Теперь о доле избирателей, имеющих своего представителя в парламенте. Во времена КПСС, когда выбирали одного из одного, трудно сказать, имела ли своих представителей хоть какая-то доля избирателей. Я ее изобразил отличной от нуля только потому, у кого-то свой представитель случайно мог и оказаться. Анализ результатов выборов 1990 года показывает, что своего представителя получил примерно каждый из трех избирателей. Для первого опыта демократических выборов это совсем не плохо. При дальнейшем совершенствовании избирательных процедур вполне можно было бы на последующих итерациях эту долю еще увеличить. Но не случилось. ?збирательный закон резко ухудшился и в первом ЗАКСе своего представителя имели уже только каждый десятый избиратель. Дальше положение только еще больше ухудшалось до одного из двенадцати – четырнадцати избирателей. Причем тенденция такова, что не позволяет надеяться на какое-либо улучшение этого параметра без революционных потрясений.

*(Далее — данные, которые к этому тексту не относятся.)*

(* Let $\mathcal D=\{\mathbf D_i:i\in I\}$ be a class of upwards-closed dependency notions, and for each $i\in I$ let $\gamma_i:\mathbb N\to\mathbb N$ be such that $\mathbf D_i$ is $\gamma_i$-bounded. Let $\phi\in\mathbf{FO}(=\!(\cdot),\mathcal D,\sqcup)$ be a formula in which each $\mathbf D_i$ occurs $k_i$ times, and let $\nu_\phi(n)=\sum_{i\in I}k_i\gamma_i(n)$. Then for all finite structures $\mathfrak M$ and all teams $X$: if $\mathfrak M\models_X\phi$, then there exists $Y\subseteq X$ with $|Y|\le\nu_\phi(|M|)$ and $\mathfrak M\models_Y\phi$.
   Context: Team semantics (lax version). For a structure $\mathfrak M$ with domain $M$, a team $X$ is a (possibly empty) set of assignments $s:V\to M$, $V$ a finite set of variables; $X(\vec v)=\{s(\vec v):s\in X\}$. Satisfaction for formulas in negation normal form: first-order literal $\alpha$: every $s\in X$ satisfies $\alpha$ (Tarski); $\psi\vee\theta$: $X=Y\cup Z$ with $\mathfrak M\models_Y\psi$, $\mathfrak M\models_Z\theta$; $\psi\wedge\theta$: both; $\exists v\psi$: some $F:X\to\mathcal P(M)\setminus\{\emptyset\}$ with $\mathfrak M\models_{X[F/v]}\psi$, $X[F/v]=\{s[m/v]:s\in X,m\in F(s)\}$; $\forall v\psi$: $\mathfrak M\models_{X[M/v]}\psi$, $X[M/v]=\{s[m/v]:s\in X,m\in M\}$. A $k$-ary dependency notion $\mathbf D$ is an isomorphism-closed class of structures $(M,R)$, $R$ a $k$-ary relation; $\mathfrak M\models_X\mathbf D\vec v$ iff $(M,X(\vec v))\in\mathbf D$. $\mathbf D$ is upwards-closed if $(M,R)\in\mathbf D$, $R\subseteq S$ imply $(M,S)\in\mathbf D$. For $\gamma:\mathbb N\to\mathbb N$, $\mathbf D$ is $\gamma$-bounded if for all finite structures $\mathfrak M$, teams $X$ and tuples $\vec v$, whenever $\mathfrak M\models_X\mathbf D\vec v$ there is $Y\subseteq X$ with $|Y|\le\gamma(|M|)$ and $\mathfrak M\models_Y\mathbf D\vec v$. Constancy atoms (all arities): $\mathfrak M\models_X=\!(\vec v)$ iff $s(\vec v)=s'(\vec v)$ for all $s,s'\in X$. Classical disjunction: $\mathfrak M\models_X\phi\sqcup\psi$ iff $\mathfrak M\models_X\phi$ or $\mathfrak M\models_X\psi$. $\mathbf{FO}(=\!(\cdot),\mathcal D,\sqcup)$ is first-order logic in negation normal form extended with constancy atoms, the atoms of $\mathcal D$, and $\sqcup$. *)

From mathcomp Require Import all_boot.
From mathcomp Require Import finmap.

Третий график показывает комплексный результат. Какой-то отрыв от горизонтальной оси заметен только в период Ленсовета последнего созыва. В дальнейшем от оси он едва отрывается. Для нас, сторонников парламентаризма, очевидно, что качество жизни большинства прямо пропорционально количеству парламентаризма в стране. Количество парламентаризма в Санкт-Петербурге давно практически равно нулю, такое и качество жизни.
Однако во всем при желании можно разглядеть и положительное. Положительным результатом проведенного анализа, пожалуй, можно назвать только то, что возможности совершенствования парламентаризма, а, следовательно, улучшения качества жизни, у нас практически безграничны.